» Task to complete:
From the line with "have F0 : F" to the last line of the data below, repeat every line exactly and add nothing.

*** Supplied entries ***

(* Laguerre: [D + u] with [u >= 0] keeps the zeros in a closed half-plane
   [{X | Re (mu X) <= c}] with [Re mu > 0], because [F'/F + u] has positive
   real part (after multiplying by [conj mu]) on the complementary side. *)
Lemma halfplane_shift_deriv (mu : C) (c u : R) (F : {poly C}) :
  0 < Re mu -> 0 <= u -> shift_deriv u%:C F != 0 ->
  (forall X, root F X -> Re (mu * X) <= c) ->
  forall w, root (shift_deriv u%:C F) w -> Re (mu * w) <= c.
Proof.
move=> hmu hu hF1 hK w hw; rewrite leNgt; apply/negP => hc.
have F0 : F != 0 by apply: contraNneq hF1 => ->; rewrite shift_deriv0.
have [s hs] := closed_field_poly_normal F; set G := \prod_(z <- s) _ in hs.
have hl : lead_coef F != 0 by rewrite lead_coef_eq0.
have hall : all (fun r => Re (mu * r) <= c) s.
  by apply/allP => r hr; apply: hK; rewrite hs rootZ // root_prod_XsubC.
have [hG hpos] := prod_XsubC_logderiv hmu hc hall.
have eF : shift_deriv u%:C F = lead_coef F *: shift_deriv u%:C G.
  by rewrite /shift_deriv {1 2}hs derivZ scalerDr !scalerA mulrC.
have hwG : G^`().[w] = - (u%:C * G.[w]).
  apply/eqP; rewrite -addr_eq0; move: hw.
  by rewrite /root eF hornerZ mulf_eq0 (negbTE hl) /= hornerD hornerZ.
case: (eqVneq s [::]) hpos => [es _|_ /(_ isT)].
  have G1 : G = 1%:P by rewrite /G es big_nil.
  move: hwG hF1; rewrite eF /shift_deriv G1 derivC hornerC horner0 mulr1.
  by move/eqP; rewrite eq_sym oppr_eq0 => /eqP->; rewrite scale0r addr0 scaler0 eqxx.
have Re_conj_scale (m g : C) :
    Re (m^* * - (u%:C * g) * g^*) = - (u * ((Re g ^+ 2 + Im g ^+ 2) * Re m)).
  by case: m g => [m1 m2] [g1 g2] /=; ring.
rewrite hwG Re_conj_scale.
by rewrite oppr_gt0 ltNge mulr_ge0 // ltW // mulr_gt0 // ReIm_sqr_gt0.
Qed.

***

» Written solution:
have F0 : F != 0 by apply: contraNneq hF1 => ->; rewrite shift_deriv0.
have [s hs] := closed_field_poly_normal F; set G := \prod_(z <- s) _ in hs.
have hl : lead_coef F != 0 by rewrite lead_coef_eq0.
have hall : all (fun r => Re (mu * r) <= c) s.
  by apply/allP => r hr; apply: hK; rewrite hs rootZ // root_prod_XsubC.
have [hG hpos] := prod_XsubC_logderiv hmu hc hall.
have eF : shift_deriv u%:C F = lead_coef F *: shift_deriv u%:C G.
  by rewrite /shift_deriv {1 2}hs derivZ scalerDr !scalerA mulrC.
have hwG : G^`().[w] = - (u%:C * G.[w]).
  apply/eqP; rewrite -addr_eq0; move: hw.
  by rewrite /root eF hornerZ mulf_eq0 (negbTE hl) /= hornerD hornerZ.
case: (eqVneq s [::]) hpos => [es _|_ /(_ isT)].
  have G1 : G = 1%:P by rewrite /G es big_nil.
  move: hwG hF1; rewrite eF /shift_deriv G1 derivC hornerC horner0 mulr1.
  by move/eqP; rewrite eq_sym oppr_eq0 => /eqP->; rewrite scale0r addr0 scaler0 eqxx.
have Re_conj_scale (m g : C) :
    Re (m^* * - (u%:C * g) * g^*) = - (u * ((Re g ^+ 2 + Im g ^+ 2) * Re m)).
  by case: m g => [m1 m2] [g1 g2] /=; ring.
rewrite hwG Re_conj_scale.
by rewrite oppr_gt0 ltNge mulr_ge0 // ltW // mulr_gt0 // ReIm_sqr_gt0.
Qed.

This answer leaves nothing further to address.